(* Let $\mathbb{M}^3$ be Minkowski 3-space with inner product $\langle x,y\rangle_{\mathbb{L}}=-x_1y_1+x_2y_2+x_3y_3$. Let $\sigma=\sigma(u,v)$ be a smooth surface in $\mathbb{M}^3$ and let $\{t,n,b\}$ be smooth vector fields along $\sigma$ with $\langle t,t\rangle_{\mathbb{L}}=1$, $\langle n,n\rangle_{\mathbb{L}}=-1$, $\langle b,b\rangle_{\mathbb{L}}=1$, pairwise orthogonal, such that $\sigma_u=t$, $\sigma_v=\lambda b$ for a nowhere-vanishing function $\lambda$, and $$t_u=-\kappa n,\qquad n_u=-\kappa t-\tau b,\qquad b_u=-\tau n$$ for functions $\kappa,\tau$ (so each $u$-curve is a unit-speed spacelike curve with timelike principal normal $n$, curvature $\kappa$ and torsion $\tau$, and is a geodesic of $\sigma$). Assume there are constants $A,B$, not both zero, with $A\kappa+B\tau=1$, and that $\tau$ vanishes nowhere. Define $$\sigma^*(u,v)=\sigma(u,v)+A\,n(u,v),\qquad t^*=\frac{Bt-Ab}{\sqrt{A^2+B^2}},\qquad b^*=\frac{At+Bb}{\sqrt{A^2+B^2}},$$ and along each $u$-curve let $u^*$ be a parameter with $du^*/du=\sqrt{A^2+B^2}\,\tau$. Then: (1) $\sigma^*_u=\tau(Bt-Ab)$, so $t^*=\partial\sigma^*/\partial u^*$ is a unit spacelike vector, and $n$ is orthogonal to both $\sigma^*_u$ and $\sigma^*_v$; (2) $\|\sigma-\sigma^*\|=\sqrt{|\langle \sigma-\sigma^*,\sigma-\sigma^*\rangle_{\mathbb{L}}|}$ is constant, $\langle\sigma^*-\sigma,b\rangle_{\mathbb{L}}=0$, $\langle\sigma^*-\sigma,b^*\rangle_{\mathbb{L}}=0$, and $\langle b,b^*\rangle_{\mathbb{L}}=B/\sqrt{A^2+B^2}$ is constant; (3) $\partial t^*/\partial u^*=-\kappa^* n$ and $\partial b^*/\partial u^*=-\tau^* n$, where $$\kappa^*=\frac{B\kappa-A\tau}{(A^2+B^2)\tau},\qquad \tau^*=\frac{1}{(A^2+B^2)\tau}.$$
   Context: A vector $x\in\mathbb{M}^3$ is spacelike if $\langle x,x\rangle_{\mathbb{L}}>0$ or $x=0$, timelike if $\langle x,x\rangle_{\mathbb{L}}<0$. A surface of this type (spanned by a one-parameter family of geodesic Bertrand curves with constants $A,B$, $A\kappa+B\tau=1$) is called a Razzaboni surface, and the map $\sigma\mapsto\sigma^*$ satisfying properties (2) is called a Razzaboni transformation, $\sigma^*$ the dual Razzaboni surface. *)

From Stdlib Require Import Reals.
From Coquelicot Require Import Coquelicot.
Open Scope R_scope.
Lemma Y_stab_gcirc v (p q : 'I_n) y :
  (forall k : 'I_n, v 0 k = if nat_of_ord k == 0%N then 1 else -1) -> p != q ->
  v *m (Tj K n q y *m Eroot K n p q (ucoef p q y)) = v.
Proof.
move=> vE pq; apply/rowP => k.
rewrite mulmxA row_Eroot !(mulmx_diagE _ (Tj_diag _ _)) !mxE !eqxx.
have [->|kq] := eqVneq k q; last first.
  by have kq' : (nat_of_ord k == q) = false := negbTE kq; rewrite kq' mulr1 addr0.
have pq' : (nat_of_ord p == q) = false := negbTE pq.
rewrite eqxx pq' mulr1 !vE /ucoef.
case: (eqVneq (nat_of_ord p) 0%N) => [p0|p0];
  case: (eqVneq (nat_of_ord q) 0%N) => [q0|q0] /=.
- by move: pq; rewrite -(inj_eq val_inj) /= p0 q0.
- by ring.
- by ring.
- by ring.
Qed.

End Cells.

Section Automorphisms.
Variables (K : fieldType) (n : nat) (sigma : 'S_n) (lam : 'I_n -> int).
Variables (g : 'M[K]_n) (v : 'rV[K]_n).
Hypotheses (g_unit : g \in unitmx) (vg : v *m g = elast K n).

Lemma inAut_of_fix h : inS K n sigma lam h -> v *m ev1 K n h = v ->
  inAut K n sigma lam g h.
Proof.
move=> hS vh; split=> //; split; first by exists h.
by apply/(cosetEq_mul_fix g_unit (ev1_unitmx hS.1.1) vg).
Qed.

Lemma fix_of_inAut h : inAut K n sigma lam g h -> v *m ev1 K n h = v.
Proof. by move=> [hS [_ hfix]]; apply/(cosetEq_mul_fix g_unit (ev1_unitmx hS.1.1) vg). Qed.

Lemma inAut_Omega_trivial h : inOmega K n sigma lam ->
  (forall k : 'I_n, v 0 k != 0) -> inAut K n sigma lam g h -> h = 1%:M.
Proof.
move=> Om v_neq0 hAut; have [D Ddiag hD] := inS_Omega_diag Om hAut.1.
have /rowP vD : v *m D = v by rewrite -(ev1_constM D) -hD fix_of_inAut.
rewrite hD -constM1; congr (constM _ _ _); apply/matrixP => a b; rewrite mxE.
have [<-|ab] := eqVneq a b; last by rewrite Ddiag.
have := vD a; rewrite mulmx_diagE // => /eqP.
by rewrite -{2}[v 0 a]mulr1 (inj_eq (mulfI (v_neq0 a))) => /eqP.
Qed.
(* Let $G=(V,E,w)$, the partition $SG_1,\dots,SG_m$, the object set $O$ with $|O|>k$, the query $q=(v_q,k)$, and the D$k$NN protocol be as described in the context, and assume $G$ is connected and every edge weight satisfies $w(u,v)\ge \|\mathrm{pos}(u)-\mathrm{pos}(v)\|_2$. Consider any execution of the protocol (with arbitrary interleaving and delays of message processing, and with arbitrarily stale local bounds subject to the constraint in the context). If at some time the acknowledgment buffer $\mathcal{B}_q$ is empty, then the returned set $R(q)$ (the $k$ reported objects with smallest reported distances, ties broken arbitrarily) satisfies: $|R(q)|=k$, $R(q)\subseteq O$, and for all $o\in R(q)$ and all $o'\in O\setminus R(q)$, $SD(v_q,o)\le SD(v_q,o')$.
   Context: Road network: $G=(V,E,w)$ is a finite undirected graph with non-negative edge weights $w$; each vertex $v$ has a planar position $\mathrm{pos}(v)\in\mathbb{R}^2$. $SD(u,v)$ denotes the shortest-path distance in $G$. The vertex set is partitioned into subgraphs $SG_1,\dots,SG_m$; each $SG_p$ is the induced subgraph on its vertex set, and $d_p(a,b)$ is the shortest-path distance between $a,b$ inside $SG_p$ (using only edges with both endpoints in $SG_p$). A vertex of $SG_p$ is a border vertex if it has a neighbor in some $SG_{p'}$, $p'\ne p$; such edges are external edges. Each moving object $o\in O$ has a live vertex $v(o)\in V$ (the next vertex it travels toward) and a remaining cost $\delta(o)\ge 0$; define $SD(v_q,o)=SD(v_q,v(o))+\delta(o)$. For the query $q=(v_q,k)$, let $E(v_q,SG_p)$ be the minimum Euclidean distance from $\mathrm{pos}(v_q)$ to the positions of the border vertices of $SG_p$. D$k$NN protocol. Each subgraph $SG_p$ keeps a table $D_p(\cdot)$ (initially $+\infty$) over its own vertices and the outside neighbors of its border vertices, and a local bound $\varepsilon_p$. A query unit collects reported pairs $(o,\text{dist})$, keeping for each object its minimum reported distance $\mathrm{rep}(o)$; the global bound $\varepsilon(t)$ at time $t$ is the $k$-th smallest value of $\mathrm{rep}$ over distinct objects reported so far ($+\infty$ if fewer than $k$). The query starts by sending the message $(v_q,0)$ to the subgraph containing $v_q$. When $SG_p$ processes a message $(v_b,\text{dist})$ with $v_b\in SG_p$: if $\text{dist}>\varepsilon_p$ or $\text{dist}>D_p(v_b)$, it does nothing further; otherwise it sets $D_p(v_b)=\text{dist}$; for each live vertex $v_i\in SG_p$ with $\text{dist}+d_p(v_b,v_i)\le D_p(v_i)$ it sets $D_p(v_i)=\text{dist}+d_p(v_b,v_i)$ and reports to the query unit every object $o$ with $v(o)=v_i$ and $D_p(v_i)+\delta(o)<\varepsilon_p$, with distance $D_p(v_i)+\delta(o)$; for each border vertex $v_j\in SG_p$ and each neighbor $v'\notin SG_p$ of $v_j$ with $\text{dist}+d_p(v_b,v_j)+w(v_j,v')\le D_p(v')$, it sets $D_p(v')$ to that value and sends the message $(v',D_p(v'))$ to the subgraph containing $v'$. Bounds: at every time $t$, each non-pruned subgraph uses a local bound $\varepsilon_p(t)\ge\varepsilon(t)$ (staleness allowed). Pruning: if at some time $t$ a subgraph $SG_p$ not containing $v_q$ satisfies $E(v_q,SG_p)>\varepsilon(t)$, it may be pruned, after which $\varepsilon_p=0$ (it discards all further messages). Acknowledgments: whenever a message is sent from $SG_p$ to $SG_{p'}$, a token is inserted into the buffer $\mathcal{B}_q$; the token is removed when $SG_{p'}$ has finished processing that message (including dispatching all messages it generates, whose tokens are inserted before removal). The initial message also carries a token. *)

From HB Require Import structures.
From mathcomp Require Import all_boot all_order all_algebra.
From mathcomp Require Import boolp classical_sets reals constructive_ereal ereal.
Set Implicit Arguments. Unset Strict Implicit. Unset Printing Implicit Defensive.
Import Order.TTheory GRing.Theory Num.Theory.
Local Open Scope ring_scope.
Local Open Scope classical_set_scope.

Record net (R : realType) := Net {
  V : finType;
  O : finType;
  adj : rel V;
  w : V -> V -> R;                (* edge weights (relevant on edges) *)
  pos : V -> R * R;
  m : nat;
  part : V -> 'I_m;
  vo : O -> V;
  delta : O -> R
}.
Arguments V {R} n.
Arguments O {R} n.
Arguments adj {R} n.
Arguments w {R} n.
Arguments pos {R} n.
Arguments m {R} n.
Arguments part {R} n.
Arguments vo {R} n.
Arguments delta {R} n.

Section Defs.
Context {R : realType} (N : net R).
Local Notation V := (V N).
Local Notation O := (O N).
Local Notation adj := (adj N).
Local Notation w := (w N).
Local Notation part := (part N).

Definition euclid (a b : R * R) : R :=
  Num.sqrt ((a.1 - b.1) ^+ 2 + (a.2 - b.2) ^+ 2).

Definition wlen (u : V) (s : seq V) : R :=
  \sum_(e <- zip (u :: s) s) w e.1 e.2.

Definition SD (u v : V) : \bar R :=
  ereal_inf [set (wlen u s)%:E | s in [set s | path adj u s && (last u s == v)]].

Definition dp (p : 'I_(m N)) (a b : V) : \bar R :=
  ereal_inf [set (wlen a s)%:E | s in
    [set s | [&& path adj a s, last a s == b & all (fun x => part x == p) (a :: s)]]].

Definition SDo (vq : V) (o : O) : \bar R := (SD vq (vo N o) + (delta N o)%:E)%E.

Definition border (p : 'I_(m N)) (v : V) : bool :=
  (part v == p) && [exists u, adj v u && (part u != p)].

Definition Edist (vq : V) (p : 'I_(m N)) : \bar R :=
  ereal_inf [set (euclid (pos N vq) (pos N b))%:E | b in [set b | border p b]].

Definition live (v : V) : bool := [exists o, vo N o == v].

Record state := State {
  Dtab : 'I_(m N) -> V -> \bar R;
  pending : seq (V * R);          (* messages (v_b, dist) sent but not yet fully
                                     processed = tokens in the buffer B_q;
                                     the target subgraph is part v_b *)
  reports : seq (O * R);
  pruned : 'I_(m N) -> bool
}.

Definition init_state (vq : V) : state :=
  State (fun _ _ => +oo%E) [:: (vq, 0)] [::] (fun _ => false).

Definition reported (s : state) : {set O} :=
  [set o | has (fun r => r.1 == o) (reports s)].

Definition rep (s : state) (o : O) : \bar R :=
  \big[Order.min/+oo%E]_(r <- reports s | r.1 == o) (r.2)%:E.

(* k-th smallest value of rep over distinct reported objects, +oo if fewer than k
   (for k >= 1) *)
Definition eps (k : nat) (s : state) : \bar R :=
  nth +oo%E (sort (fun x y : \bar R => (x <= y)%E)
                  [seq rep s o | o <- enum (reported s)]) k.-1.

Definition out_pairs (p : 'I_(m N)) : seq (V * V) :=
  [seq vv <- [seq (a, b) | a <- enum V, b <- enum V]
     | [&& part vv.1 == p, adj vv.1 vv.2 & part vv.2 != p]].

Definition upd_fun (f : V -> \bar R) (x : V) (y : \bar R) : V -> \bar R :=
  fun v => if v == x then y else f v.

Definition process (s : state) (pre post : seq (V * R)) (vb : V) (dist : R)
    (ep : \bar R) (ord : seq (V * V)) : state :=
  let p := part vb in
  if (ep < dist%:E)%E || (Dtab s p vb < dist%:E)%E then
    State (Dtab s) (pre ++ post) (reports s) (pruned s)
  else
    let D1 := upd_fun (Dtab s p) vb dist%:E in
    let relax (vi : V) :=
      [&& part vi == p, live vi, dp p vb vi \is a fin_num
        & ((dist + fine (dp p vb vi))%:E <= D1 vi)%E] in
    let D2 := fun v => if relax v then (dist + fine (dp p vb v))%:E else D1 v in
    let newrep :=
      [seq (o, (dist + fine (dp p vb (vo N o))) + delta N o)
         | o <- enum O & relax (vo N o) &&
             (((dist + fine (dp p vb (vo N o))) + delta N o)%:E < ep)%E] in
    let bstep (acc : (V -> \bar R) * seq (V * R)) (vv : V * V) :=
      let c := dp p vb vv.1 in
      let val := dist + fine c + w vv.1 vv.2 in
      if (c \is a fin_num) && (val%:E <= acc.1 vv.2)%E
      then (upd_fun acc.1 vv.2 val%:E, rcons acc.2 (vv.2, val))
      else acc in
    let res := foldl bstep (D2, [::]) ord in
    State (fun p' => if p' == p then res.1 else Dtab s p')
          (pre ++ post ++ res.2)
          (reports s ++ newrep)
          (pruned s).

Inductive step (vq : V) (k : nat) : state -> state -> Prop :=
| StepProcess (s : state) pre post vb dist ep ord :
    pending s = pre ++ (vb, dist) :: post ->
    (* local bound: 0 once pruned, otherwise any (possibly stale) ep >= eps(t) *)
    (if pruned s (part vb) then ep = 0%:E else (eps k s <= ep)%E) ->
    perm_eq ord (out_pairs (part vb)) ->
    step vq k s (process s pre post vb dist ep ord)
| StepPrune (s : state) (p : 'I_(m N)) :
    ~~ pruned s p -> part vq != p -> (eps k s < Edist vq p)%E ->
    step vq k s (State (Dtab s) (pending s) (reports s)
                   (fun p' => if p' == p then true else pruned s p')).

Definition execution (vq : V) (k : nat) (ex : nat -> state) (n : nat) : Prop :=
  ex 0 = init_state vq /\ forall i, (i < n)%N -> step vq k (ex i) (ex i.+1).

Definition returned (k : nat) (s : state) (Rq : {set O}) : Prop :=
  [/\ Rq \subset reported s, #|Rq| = minn k #|reported s|
    & forall o o', o \in Rq -> o' \in reported s :\: Rq -> (rep s o <= rep s o')%E].

End Defs.

(* Soundness: every table entry, message and report is the length of an
   actual walk from [v_q] (plus [delta]), hence bounds the true distance from
   below.  Completeness: a message can only be discarded or left unprocessed
   when its value is already accounted for, either by a table entry of the
   target subgraph, or by the global bound [eps], which never increases.  A
   pruned subgraph is beyond [eps] because edge weights dominate Euclidean
   lengths, so every walk into it from [v_q] is at least as long as [E(v_q,SG_p)].
   Once the buffer is empty, walking along a shortest path from [v_q] shows
   that every object whose distance is below [eps] has been reported with at
   most its true distance.  As [|O| > k] and the graph is connected, at least
   [k] objects are reported, and the [k] best reports are exactly the [k]
   nearest objects. *)
From HB Require Import structures.
From mathcomp Require Import all_boot all_order all_algebra.
From mathcomp Require Import boolp classical_sets reals constructive_ereal ereal.
From mathcomp Require Import ring lra.
Set Implicit Arguments.
Unset Strict Implicit.
Unset Printing Implicit Defensive.
Import Order.TTheory GRing.Theory Num.Theory.
Local Open Scope ring_scope.

Lemma euclid_triangle {R : realType} (a b c : R * R) :
  euclid a c <= euclid a b + euclid b c.
Proof.
rewrite /euclid.
set x1 := a.1 - b.1; set x2 := a.2 - b.2; set y1 := b.1 - c.1; set y2 := b.2 - c.2.
have -> : a.1 - c.1 = x1 + y1 by rewrite /x1 /y1; ring.
have -> : a.2 - c.2 = x2 + y2 by rewrite /x2 /y2; ring.
set X := x1 ^+ 2 + x2 ^+ 2; set Y := y1 ^+ 2 + y2 ^+ 2.
have X0 : 0 <= X by rewrite addr_ge0 ?sqr_ge0.
have Y0 : 0 <= Y by rewrite addr_ge0 ?sqr_ge0.
have cauchy_schwarz : x1 * y1 + x2 * y2 <= Num.sqrt X * Num.sqrt Y.
  rewrite -sqrtrM // (le_trans (ler_norm _)) // -sqrtr_sqr ler_sqrt ?mulr_ge0 //.
  rewrite -subr_ge0.
  have -> : X * Y - (x1 * y1 + x2 * y2) ^+ 2 = (x1 * y2 - x2 * y1) ^+ 2
    by rewrite /X /Y; ring.
  exact: sqr_ge0.
have sX := sqr_sqrtr X0; have sY := sqr_sqrtr Y0.
have S0 : 0 <= Num.sqrt X + Num.sqrt Y by rewrite addr_ge0 ?sqrtr_ge0.
rewrite -[_ + Num.sqrt _]ger0_norm // -sqrtr_sqr ler_sqrt ?sqr_ge0 //.
rewrite /X /Y in cauchy_schwarz sX sY *; nra.
Qed.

+ + + + + + +

• Task statement: The entries above hold a line with "Lemma Y_stab_gcirc v" and a later line with "have /rowP vD". Write out exactly those lines and all lines between, nothing more.

• Exercise response:
Lemma Y_stab_gcirc v (p q : 'I_n) y :
  (forall k : 'I_n, v 0 k = if nat_of_ord k == 0%N then 1 else -1) -> p != q ->
  v *m (Tj K n q y *m Eroot K n p q (ucoef p q y)) = v.
Proof.
move=> vE pq; apply/rowP => k.
rewrite mulmxA row_Eroot !(mulmx_diagE _ (Tj_diag _ _)) !mxE !eqxx.
have [->|kq] := eqVneq k q; last first.
  by have kq' : (nat_of_ord k == q) = false := negbTE kq; rewrite kq' mulr1 addr0.
have pq' : (nat_of_ord p == q) = false := negbTE pq.
rewrite eqxx pq' mulr1 !vE /ucoef.
case: (eqVneq (nat_of_ord p) 0%N) => [p0|p0];
  case: (eqVneq (nat_of_ord q) 0%N) => [q0|q0] /=.
- by move: pq; rewrite -(inj_eq val_inj) /= p0 q0.
- by ring.
- by ring.
- by ring.
Qed.

End Cells.

Section Automorphisms.
Variables (K : fieldType) (n : nat) (sigma : 'S_n) (lam : 'I_n -> int).
Variables (g : 'M[K]_n) (v : 'rV[K]_n).
Hypotheses (g_unit : g \in unitmx) (vg : v *m g = elast K n).

Lemma inAut_of_fix h : inS K n sigma lam h -> v *m ev1 K n h = v ->
  inAut K n sigma lam g h.
Proof.
move=> hS vh; split=> //; split; first by exists h.
by apply/(cosetEq_mul_fix g_unit (ev1_unitmx hS.1.1) vg).
Qed.

Lemma fix_of_inAut h : inAut K n sigma lam g h -> v *m ev1 K n h = v.
Proof. by move=> [hS [_ hfix]]; apply/(cosetEq_mul_fix g_unit (ev1_unitmx hS.1.1) vg). Qed.

Lemma inAut_Omega_trivial h : inOmega K n sigma lam ->
  (forall k : 'I_n, v 0 k != 0) -> inAut K n sigma lam g h -> h = 1%:M.
Proof.
move=> Om v_neq0 hAut; have [D Ddiag hD] := inS_Omega_diag Om hAut.1.
have /rowP vD : v *m D = v by rewrite -(ev1_constM D) -hD fix_of_inAut.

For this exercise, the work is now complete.